Corrió hasta el lecho de «su» enfermo. Demacrado, con el rostro cubierto de barba que, al extenderse sin cuidados se tornaba sedosa, yacía Luciano Montoya. Dormía. Eso pudo comprobarlo María con sólo mirarlo. Una mano se asía a las sábanas inmaculadas, renovadas cada día. Crispada y enflaquecida, se estremecía en cada pulsación, pero viva y cálida, como un pájaro palpitante.
Recobrada, la mujer acarició aquella frente ahora dócil a su contacto. Jorgelina, detrás de ella, suspiró aliviada. Pero de nuevo la inquietud las aprisionó. María inventarió con los ojos cada objeto… ¿Qué faltaba en aquel cuarto impregnado del olor de ungüentos, remedios y hierbas aromáticas?
– ¡El dinero, Jorgelina!… -Las manos de María recorrieron en vano debajo de la almohada-. ¡Se lo llevó todo…, hasta el arma!
– ¡Maldito, miserable…, cobarde, ladrón! -estalló su hermana, al borde la histeria.
– No es posible; no puede ser cierto -se repetía María, queriendo rechazar la realidad-. No lo entiendo; pudo matar al señor ¡y yo dormía como una estúpida! Tal vez ha ido al pueblo a emborracharse y regrese… En Coyhayque nos salvó… Parecía tan pegado a su patrón…, tan sumiso… ¡Dios mío! ¿Qué será de nosotras? ¿Qué le hicimos, hermana…, qué le hicimos?

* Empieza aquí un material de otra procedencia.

(* In the $\ell^1$ linear social choice setting, the pure stable lottery rule $f_{\mathrm{PSLR}}$ has worst-case distortion $\mathrm{D}(f_{\mathrm{PSLR}})=O(d)$.
   Context: Setting ($\ell^1$ linear social choice). Fix a dimension $d\ge 1$ and let $\Delta_d=\{x\in\mathbb{R}^d_{\ge 0}:\sum_i x^i=1\}$. An instance consists of a finite set $V$ of $n$ voters and a finite set $C$ of $m$ candidates, each a vector in $\Delta_d$, with every voter vector in $\mathrm{Cone}(C)$ (nonnegative linear combinations of candidate vectors). Utility: $u_v(c)=v^\top c$. Each voter reports a ranking of $C$ consistent with its utilities (ties broken arbitrarily); $\sigma$ is the profile. $\mathrm{UW}(c)=\sum_{v\in V}u_v(c)$. A randomized voting rule outputs a distribution over $C$ based only on the profile (neither voter nor candidate vectors are seen). Distortion on an instance: $\max_c\mathrm{UW}(c)/\mathbb{E}_{c\sim f}[\mathrm{UW}(c)]$; $\mathrm{D}(f)$ is the supremum over all instances, as a function of $d$. Stable lottery: for a committee $W\subseteq C$ and $c\in C$, $S_c(W)$ is the set of voters ranking $c$ above every member of $W$; a distribution $\mathcal W$ over committees of size $k$ is a stable lottery if $\mathbb{E}_{W\sim\mathcal W}[|S_c(W)|]\le n/k$ for all $c\in C$ (such lotteries exist for every profile). Pure stable lottery rule $f_{\mathrm{PSLR}}$: given a stable lottery $\mathcal W$ over committees of size $2d$, choose each $c\in C$ with probability $\frac{1}{2d}\Pr_{W\sim\mathcal W}[c\in W]$. *)

From mathcomp Require Import all_boot all_order all_algebra.
From mathcomp Require Import all_fingroup.
From mathcomp Require Import reals.
Set Implicit Arguments. Unset Strict Implicit. Unset Printing Implicit Defensive.
Import Order.TTheory GRing.Theory Num.Theory.
Local Open Scope ring_scope.

Section L1SocialChoice.
Variables (R : realType) (d n m : nat).

Notation vec := {ffun 'I_d -> R}.

Definition in_simplex (x : vec) : Prop :=
  (forall i, 0 <= x i) /\ \sum_(i < d) x i = 1.

Definition in_cone (cand : 'I_m -> vec) (v : vec) : Prop :=
  exists lam : 'I_m -> R, (forall c, 0 <= lam c) /\
    forall i, v i = \sum_(c < m) lam c * cand c i.

Definition util (v c : vec) : R := \sum_(i < d) v i * c i.

Definition UW (vot : 'I_n -> vec) (cand : 'I_m -> vec) (c : 'I_m) : R :=
  \sum_(v < n) util (vot v) (cand c).

(* A profile: voter v's ranking is the bijection sigma v : C -> positions,
   position 0 = top; (sigma v c < sigma v c') means v ranks c above c'. *)
Definition consistent (vot : 'I_n -> vec) (cand : 'I_m -> vec)
    (sigma : 'I_n -> {perm 'I_m}) : Prop :=
  forall v c c', (sigma v c < sigma v c')%N ->
    util (vot v) (cand c') <= util (vot v) (cand c).

Definition Sc (sigma : 'I_n -> {perm 'I_m}) (W : {set 'I_m}) (c : 'I_m)
    : {set 'I_n} :=
  [set v | [forall w in W, (sigma v c < sigma v w)%N]].

Definition stable_lottery (sigma : 'I_n -> {perm 'I_m}) (k : nat)
    (p : {ffun {set 'I_m} -> R}) : Prop :=
  [/\ forall W, 0 <= p W,
      \sum_(W : {set 'I_m}) p W = 1,
      forall W, p W != 0 -> #|W| = k &
      forall c, \sum_(W : {set 'I_m}) p W * (#|Sc sigma W c|)%:R
                  <= n%:R / k%:R ].

Definition pslr (p : {ffun {set 'I_m} -> R}) (c : 'I_m) : R :=
  ((2 * d)%N%:R)^-1 * \sum_(W : {set 'I_m} | c \in W) p W.

Definition expected_UW (vot : 'I_n -> vec) (cand : 'I_m -> vec)
    (p : {ffun {set 'I_m} -> R}) : R :=
  \sum_(c < m) pslr p c * UW vot cand c.

End L1SocialChoice.

(* Fix a committee W. Every voter either ranks c below some member of W, so
   its utility for c is at most its total utility for W, or lies in S_c(W),
   and then its utility for c is at most 1; hence
   UW(c) <= sum_(w in W) UW(w) + |S_c(W)|. Averaging over a stable lottery gives UW(c) <= 2d E + n/(2d), where E is
   the expected welfare of f_PSLR. On the other hand, with V the sum of the
   voter vectors, UW(c) = <V, c>, and since voters lie in the cone (hence the
   convex hull) of the candidates, n B >= sum_v <V, v> = |V|^2 >= n^2/d by
   Cauchy-Schwarz, where B = max_c UW(c). So n/(2d) <= B/2, and the bound at
   the best candidate yields B <= 4d E. *)
From mathcomp Require Import all_boot all_order all_algebra all_fingroup reals.
From mathcomp Require Import ring lra.
Set Implicit Arguments. Unset Strict Implicit. Unset Printing Implicit Defensive.
Import Order.TTheory GRing.Theory Num.Theory.
Local Open Scope ring_scope.

Lemma sqr_sum_le_card_sum_sqr (R : realFieldType) (k : nat) (x : 'I_k -> R) :
  (\sum_(i < k) x i) ^+ 2 <= k%:R * \sum_(i < k) x i ^+ 2.
Proof.
case: k x => [x | k x]; first by rewrite !big_ord0 expr0n mul0r.
set S := \sum_i x i; set Q := \sum_i x i ^+ 2.
have expand : \sum_i (k.+1%:R * x i - S) ^+ 2 = k.+1%:R * (k.+1%:R * Q - S ^+ 2).
  under eq_bigr do rewrite sqrrB exprMn -mulrA.
  rewrite big_split sumrB /= sumrMnl -mulr_suml -!mulr_sumr sumr_const card_ord.
  by rewrite -/S -/Q; ring.
have dev_ge0 : 0 <= \sum_i (k.+1%:R * x i - S) ^+ 2.
  by apply: sumr_ge0 => i _; apply: sqr_ge0.
by rewrite expand pmulr_rge0 // subr_ge0 in dev_ge0.
Qed.

Section L1Instance.
Variables (R : realType) (d n m : nat).
Variables (vot : 'I_n -> {ffun 'I_d -> R}) (cand : 'I_m -> {ffun 'I_d -> R}).
Hypotheses (cand_simplex : forall c, in_simplex (cand c))
  (vot_simplex : forall v, in_simplex (vot v)).

Lemma coord_le1 (x : {ffun 'I_d -> R}) i : in_simplex x -> x i <= 1.
Proof.
case=> x_ge0 <-; rewrite (bigD1 i) //= lerDl.
by apply: sumr_ge0 => j _; apply: x_ge0.
Qed.

Lemma util_ge0 v c : 0 <= util (vot v) (cand c).
Proof.
apply: sumr_ge0 => i _.
by apply: mulr_ge0; [case: (vot_simplex v) | case: (cand_simplex c)].
Qed.

Lemma util_le1 v c : util (vot v) (cand c) <= 1.
Proof.
case: (vot_simplex v) => vot_ge0 <-; apply: ler_sum => i _.
by rewrite -[leRHS]mulr1 ler_wpM2l ?coord_le1.
Qed.

Lemma UW_ge0 c : 0 <= UW vot cand c.
Proof. by apply: sumr_ge0 => v _; apply: util_ge0. Qed.

Section Committee.
Variables (sigma : 'I_n -> {perm 'I_m}).
Hypothesis sigma_consistent : consistent vot cand sigma.

Lemma util_le_committee (W : {set 'I_m}) c v :
  util (vot v) (cand c) <=
  \sum_(w in W) util (vot v) (cand w) + (v \in Sc sigma W c)%:R.
Proof.
have [vS | vNS] := boolP (v \in Sc sigma W c).
  by rewrite -[leLHS]add0r lerD ?util_le1 //; apply: sumr_ge0 => *; apply: util_ge0.
rewrite addr0.
have [w wW w_le_c] : exists2 w, w \in W & (sigma v w <= sigma v c)%N.
  move: vNS; rewrite inE => /forallPn [w]; rewrite negb_imply -leqNgt.
  by case/andP=> wW w_le_c; exists w.
have c_le_w : util (vot v) (cand c) <= util (vot v) (cand w).
  move: w_le_c; rewrite leq_eqVlt => /orP [/eqP sigma_wc | /sigma_consistent //].
  by rewrite (perm_inj (val_inj sigma_wc)).
apply: (le_trans c_le_w); rewrite (bigD1 w) //= lerDl.
by apply: sumr_ge0 => j _; apply: util_ge0.
Qed.

Lemma UW_le_committee (W : {set 'I_m}) c :
  UW vot cand c <= \sum_(w in W) UW vot cand w + #|Sc sigma W c|%:R.
Proof.
rewrite /UW [X in _ <= X + _]exchange_big /= -sum1_card natr_sum.
rewrite [X in _ + X]big_mkcond -big_split /=; apply: ler_sum => v _.
by apply: le_trans (util_le_committee W c v) _; case: (v \in _).
Qed.

Lemma committee_sum_expected_UW (p : {ffun {set 'I_m} -> R}) :
  (0 < d)%N ->
  \sum_(W : {set 'I_m}) p W * \sum_(w in W) UW vot cand w
  = (2 * d)%N%:R * expected_UW vot cand p.
Proof.
move=> d_gt0; have k_neq0 : (2 * d)%N%:R != 0 :> R.
  by rewrite pnatr_eq0 -lt0n muln_gt0 d_gt0.
rewrite /expected_UW /pslr mulr_sumr.
under [RHS]eq_bigr do rewrite !mulrA mulfV // mul1r mulr_suml.
under [LHS]eq_bigr do rewrite mulr_sumr big_mkcond /=.
rewrite exchange_big /=; apply: eq_bigr => c _; rewrite [RHS]big_mkcond /=.
by apply: eq_bigr => W _; case: (c \in W).
Qed.

Lemma UW_le_stable_lottery (p : {ffun {set 'I_m} -> R}) c :
  (0 < d)%N -> stable_lottery sigma (2 * d) p ->
  UW vot cand c <= (2 * d)%N%:R * expected_UW vot cand p + n%:R / (2 * d)%N%:R.
Proof.
move=> d_gt0 [p_ge0 p_sum1 _ p_stable].
rewrite -committee_sum_expected_UW //.
have -> : UW vot cand c = \sum_(W : {set 'I_m}) p W * UW vot cand c.
  by rewrite -mulr_suml p_sum1 mul1r.
apply: le_trans (_ : \sum_(W : {set 'I_m}) p W *
   (\sum_(w in W) UW vot cand w + #|Sc sigma W c|%:R) <= _).
  by apply: ler_sum => W _; apply: ler_wpM2l => //; apply: UW_le_committee.
under eq_bigr do rewrite mulrDr.
by rewrite big_split lerD.
Qed.

End Committee.

Lemma cone_weights_sum1 x : in_cone cand x -> in_simplex x ->
  exists lam : 'I_m -> R, [/\ forall c, 0 <= lam c, \sum_(c < m) lam c = 1 &
    forall i, x i = \sum_(c < m) lam c * cand c i].
Proof.
move=> [lam [lam_ge0 x_eq]] [_ x_sum1]; exists lam; split=> //.
rewrite -x_sum1; under [RHS]eq_bigr do rewrite x_eq.
rewrite exchange_big; apply: eq_bigr => c _.
by rewrite -mulr_sumr (proj2 (cand_simplex c)) mulr1.
Qed.

Lemma util_cone_le (y x : {ffun 'I_d -> R}) B :
  (forall c, util y (cand c) <= B) -> in_cone cand x -> in_simplex x ->
  util y x <= B.
Proof.
move=> y_le_B x_cone x_simplex.
have [lam [lam_ge0 lam_sum1 x_eq]] := cone_weights_sum1 x_cone x_simplex.
rewrite -[leRHS]mul1r -lam_sum1 mulr_suml /util.
under eq_bigr do rewrite x_eq mulr_sumr.
rewrite exchange_big; apply: ler_sum => c _.
have -> : \sum_i y i * (lam c * cand c i) = lam c * util y (cand c).
  by rewrite mulr_sumr; apply: eq_bigr => i _; rewrite mulrCA.
by rewrite ler_wpM2l.
Qed.

Lemma sqr_voters_le_max_UW B :
  (forall v, in_cone cand (vot v)) -> (forall c, UW vot cand c <= B) ->
  n%:R ^+ 2 <= d%:R * (n%:R * B).
Proof.
move=> vot_cone UW_le_B.
pose V : {ffun 'I_d -> R} := [ffun i => \sum_(v < n) vot v i].
have UW_util c : UW vot cand c = util V (cand c).
  rewrite /UW /util exchange_big; apply: eq_bigr => i _.
  by rewrite ffunE mulr_suml.
have V_sum : \sum_(i < d) V i = n%:R.
  under eq_bigr do rewrite ffunE.
  rewrite exchange_big /=; under eq_bigr do rewrite (proj2 (vot_simplex _)).
  by rewrite sumr_const card_ord.
have V_norm : \sum_(i < d) V i ^+ 2 = \sum_(v < n) util V (vot v).
  rewrite exchange_big /=; apply: eq_bigr => i _.
  by rewrite expr2 {2}ffunE mulr_sumr.
rewrite -{1}V_sum; apply: le_trans (sqr_sum_le_card_sum_sqr V) _.
rewrite ler_wpM2l // V_norm.
rewrite mulr_natl -[n in B *+ n]card_ord -sumr_const; apply: ler_sum => v _.
by apply: util_cone_le => // c; rewrite -UW_util.
Qed.

End L1Instance.

Lemma le_mul4_of_half_bound (R : realFieldType) (k n B E : R) : 0 < k ->
  n <= k * B -> B <= 2 * k * E + n / (2 * k) -> B <= 4 * k * E.
Proof.
move=> k_gt0 n_le B_le.
have : n / (2 * k) <= B / 2.
  rewrite ler_pdivrMr ?mulr_gt0 //.
  by have -> : B / 2 * (2 * k) = k * B by field.
lra.
Qed.

Theorem theorem9 :
  exists K : nat,
  forall (R : realType) (d n m : nat)
         (vot : 'I_n -> {ffun 'I_d -> R}) (cand : 'I_m -> {ffun 'I_d -> R})
         (sigma : 'I_n -> {perm 'I_m}) (p : {ffun {set 'I_m} -> R}),
    (0 < d)%N ->
    injective cand ->
    (forall c, in_simplex (cand c)) ->
    (forall v, in_simplex (vot v)) ->
    (forall v, in_cone cand (vot v)) ->
    consistent vot cand sigma ->
    stable_lottery sigma (2 * d) p ->
    forall c : 'I_m,
      UW vot cand c <= (K * d)%N%:R * expected_UW vot cand p.
Proof.
exists 4%N => R d n m vot cand sigma p d_gt0 _ cand_simplex vot_simplex
  vot_cone sigma_consistent p_stable c.
pose best := [arg max_(b > c) UW vot cand b]%O.
have UW_le_best c' : UW vot cand c' <= UW vot cand best.
  by rewrite /best; case: arg_maxP => // b _ b_max; apply: b_max.
have n_le : n%:R <= d%:R * UW vot cand best.
  have sqr_le := sqr_voters_le_max_UW cand_simplex vot_simplex vot_cone UW_le_best.
  have [n_gt0 | n_le0] := ltrP 0 (n%:R : R).
    by rewrite mulrCA expr2 ler_pM2l in sqr_le.
  by apply: le_trans n_le0 _; rewrite mulr_ge0 ?(UW_ge0 cand_simplex vot_simplex).
have best_le := UW_le_stable_lottery cand_simplex vot_simplex sigma_consistent
  best d_gt0 p_stable.
rewrite natrM in best_le; rewrite natrM.
apply: le_trans (UW_le_best c) (le_mul4_of_half_bound _ n_le best_le).
by rewrite ltr0n.
Qed.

La vida había dotado a Jorgelina de una madurez superior al común de las jóvenes de su edad y condición.
– El no irá a emborracharse a ninguna parte -dijo-. No comprendes nada María… Ese puerco estaba celoso; celoso de vos y de don Luciano. El se está vengando de ustedes.
María no la escuchaba. El coronel Montoya reclamaba agua. Su instinto vital se refugiaba en los actos primarios. Entre las nieblas de la fiebre ninguna sensación podía conmoverlo, excepto el aguijón de la sed, y María, enajenada, sobreponiéndose al terror que la invadía, fue vertiendo en sus labios, gota a gota, el líquido refrescante. Los ojos del coronel, brumosos y ausentes, resbalaron sobre el rostro inclinado hacia él y volvieron a cerrarse pesadamente. Regresó el enfermo a su noche caliginosa y las dos mujeres lo contemplaron anhelantes. El día desgranó su tiempo de luz; llegaron las sombras nocturnas, pero Artemio Suquía no regresó. De estadio en estadio la soledad abarcó todas las noches del tiempo.
Entonces comenzó para las dos mujeres una lucha huraña, de animales acosados, con el miedo acechando afuera, en cada sombra y dentro, en los cuatro rincones del cuarto del enfermo. Cada objeto de algún valor fue cambiado por comida o remedios entre los escasos pobladores de las cercanías que pasaban ocasionalmente. Y lentamente Luciano Montoya adquirió conciencia de su estado. Quiso vivir y se unió a María en su tenaz esfuerzo.
Cuando la mejoría del coronel se manifestó, María sintió un coraje nuevo junto con un miedo inexpresable. ¿Cuánto tiempo había durado aquella pesadilla? Se miró las manos, temblorosas de debilidad y, casi con la sensación de no existir, se palpó las desmedradas formas de su cuerpo, enflaquecido por las penurias y la escasa alimentación. Confusamente intuyó que había realizado una acción absoluta y sin embargo el antiguo temor de animal perseguido renacía en ella cada vez que pensaba en la falta del dinero y la deserción del Siútico.
– ¡Hola!… -dijo Montoya y por primera vez desde el comienzo de la fiebre, su mirada era clara-. Parece que le he dado bastante trabajo… ¿eh?, ¿cómo están ustedes?
– Bien, señor; realmente lo suyo sí fue serio… Ahora tendrá que cuidarse…
El coronel intentó enderezarse y reprimió un suspiro.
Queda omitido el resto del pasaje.